* [WHAT IS NEEDED]: All the entries that follow are to be returned exactly.

* [DATA FOR ANALYSIS]:
%%
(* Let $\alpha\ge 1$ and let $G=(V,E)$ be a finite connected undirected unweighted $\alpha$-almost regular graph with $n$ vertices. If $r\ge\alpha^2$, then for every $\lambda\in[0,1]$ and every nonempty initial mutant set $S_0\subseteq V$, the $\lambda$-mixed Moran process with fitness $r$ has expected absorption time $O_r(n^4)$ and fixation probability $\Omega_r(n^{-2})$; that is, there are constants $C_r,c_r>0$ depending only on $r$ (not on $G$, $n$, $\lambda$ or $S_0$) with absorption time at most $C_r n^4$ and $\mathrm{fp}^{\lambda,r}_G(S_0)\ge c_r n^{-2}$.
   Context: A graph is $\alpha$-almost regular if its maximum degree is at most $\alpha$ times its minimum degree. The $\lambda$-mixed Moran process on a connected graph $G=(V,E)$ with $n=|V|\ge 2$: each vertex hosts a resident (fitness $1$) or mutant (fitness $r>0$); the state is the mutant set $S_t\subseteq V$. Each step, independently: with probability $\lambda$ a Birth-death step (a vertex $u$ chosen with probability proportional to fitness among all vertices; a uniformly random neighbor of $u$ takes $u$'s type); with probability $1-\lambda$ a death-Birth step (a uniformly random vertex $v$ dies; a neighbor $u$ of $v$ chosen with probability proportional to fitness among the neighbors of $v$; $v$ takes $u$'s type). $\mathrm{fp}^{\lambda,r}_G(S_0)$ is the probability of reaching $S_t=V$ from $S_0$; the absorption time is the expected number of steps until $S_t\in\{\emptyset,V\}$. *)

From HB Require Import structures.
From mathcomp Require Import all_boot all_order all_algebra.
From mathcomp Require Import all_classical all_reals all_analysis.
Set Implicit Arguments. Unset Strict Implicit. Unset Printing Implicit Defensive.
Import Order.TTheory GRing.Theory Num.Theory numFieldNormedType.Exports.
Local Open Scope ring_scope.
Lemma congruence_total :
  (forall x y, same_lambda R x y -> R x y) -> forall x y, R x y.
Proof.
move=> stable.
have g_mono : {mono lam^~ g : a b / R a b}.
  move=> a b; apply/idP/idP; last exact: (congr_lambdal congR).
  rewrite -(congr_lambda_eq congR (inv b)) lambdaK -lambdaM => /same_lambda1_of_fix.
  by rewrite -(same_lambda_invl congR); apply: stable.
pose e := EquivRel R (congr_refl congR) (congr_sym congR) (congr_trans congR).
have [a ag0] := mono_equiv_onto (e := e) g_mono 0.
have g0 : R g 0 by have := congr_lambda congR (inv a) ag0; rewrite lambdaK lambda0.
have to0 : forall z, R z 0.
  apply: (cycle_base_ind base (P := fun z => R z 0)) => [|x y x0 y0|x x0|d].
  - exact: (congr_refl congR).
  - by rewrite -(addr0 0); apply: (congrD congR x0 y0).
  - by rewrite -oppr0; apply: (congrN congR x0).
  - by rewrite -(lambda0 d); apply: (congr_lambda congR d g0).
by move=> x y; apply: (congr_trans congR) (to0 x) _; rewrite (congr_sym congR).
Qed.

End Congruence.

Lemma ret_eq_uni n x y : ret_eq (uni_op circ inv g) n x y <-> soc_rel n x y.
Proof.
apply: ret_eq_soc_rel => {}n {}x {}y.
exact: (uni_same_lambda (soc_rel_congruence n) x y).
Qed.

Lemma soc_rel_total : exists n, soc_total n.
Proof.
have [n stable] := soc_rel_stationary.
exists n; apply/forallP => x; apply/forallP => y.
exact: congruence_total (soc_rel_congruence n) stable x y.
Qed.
%%
* [ANSWER SECTION]:
(* Let $\alpha\ge 1$ and let $G=(V,E)$ be a finite connected undirected unweighted $\alpha$-almost regular graph with $n$ vertices. If $r\ge\alpha^2$, then for every $\lambda\in[0,1]$ and every nonempty initial mutant set $S_0\subseteq V$, the $\lambda$-mixed Moran process with fitness $r$ has expected absorption time $O_r(n^4)$ and fixation probability $\Omega_r(n^{-2})$; that is, there are constants $C_r,c_r>0$ depending only on $r$ (not on $G$, $n$, $\lambda$ or $S_0$) with absorption time at most $C_r n^4$ and $\mathrm{fp}^{\lambda,r}_G(S_0)\ge c_r n^{-2}$.
   Context: A graph is $\alpha$-almost regular if its maximum degree is at most $\alpha$ times its minimum degree. The $\lambda$-mixed Moran process on a connected graph $G=(V,E)$ with $n=|V|\ge 2$: each vertex hosts a resident (fitness $1$) or mutant (fitness $r>0$); the state is the mutant set $S_t\subseteq V$. Each step, independently: with probability $\lambda$ a Birth-death step (a vertex $u$ chosen with probability proportional to fitness among all vertices; a uniformly random neighbor of $u$ takes $u$'s type); with probability $1-\lambda$ a death-Birth step (a uniformly random vertex $v$ dies; a neighbor $u$ of $v$ chosen with probability proportional to fitness among the neighbors of $v$; $v$ takes $u$'s type). $\mathrm{fp}^{\lambda,r}_G(S_0)$ is the probability of reaching $S_t=V$ from $S_0$; the absorption time is the expected number of steps until $S_t\in\{\emptyset,V\}$. *)

From HB Require Import structures.
From mathcomp Require Import all_boot all_order all_algebra.
From mathcomp Require Import all_classical all_reals all_analysis.
Set Implicit Arguments. Unset Strict Implicit. Unset Printing Implicit Defensive.
Import Order.TTheory GRing.Theory Num.Theory numFieldNormedType.Exports.
Local Open Scope ring_scope.
Lemma congruence_total :
  (forall x y, same_lambda R x y -> R x y) -> forall x y, R x y.
Proof.
move=> stable.
have g_mono : {mono lam^~ g : a b / R a b}.
  move=> a b; apply/idP/idP; last exact: (congr_lambdal congR).
  rewrite -(congr_lambda_eq congR (inv b)) lambdaK -lambdaM => /same_lambda1_of_fix.
  by rewrite -(same_lambda_invl congR); apply: stable.
pose e := EquivRel R (congr_refl congR) (congr_sym congR) (congr_trans congR).
have [a ag0] := mono_equiv_onto (e := e) g_mono 0.
have g0 : R g 0 by have := congr_lambda congR (inv a) ag0; rewrite lambdaK lambda0.
have to0 : forall z, R z 0.
  apply: (cycle_base_ind base (P := fun z => R z 0)) => [|x y x0 y0|x x0|d].
  - exact: (congr_refl congR).
  - by rewrite -(addr0 0); apply: (congrD congR x0 y0).
  - by rewrite -oppr0; apply: (congrN congR x0).
  - by rewrite -(lambda0 d); apply: (congr_lambda congR d g0).
by move=> x y; apply: (congr_trans congR) (to0 x) _; rewrite (congr_sym congR).
Qed.

End Congruence.

Lemma ret_eq_uni n x y : ret_eq (uni_op circ inv g) n x y <-> soc_rel n x y.
Proof.
apply: ret_eq_soc_rel => {}n {}x {}y.
exact: (uni_same_lambda (soc_rel_congruence n) x y).
Qed.

Lemma soc_rel_total : exists n, soc_total n.
Proof.
have [n stable] := soc_rel_stationary.
exists n; apply/forallP => x; apply/forallP => y.
exact: congruence_total (soc_rel_congruence n) stable x y.
Qed.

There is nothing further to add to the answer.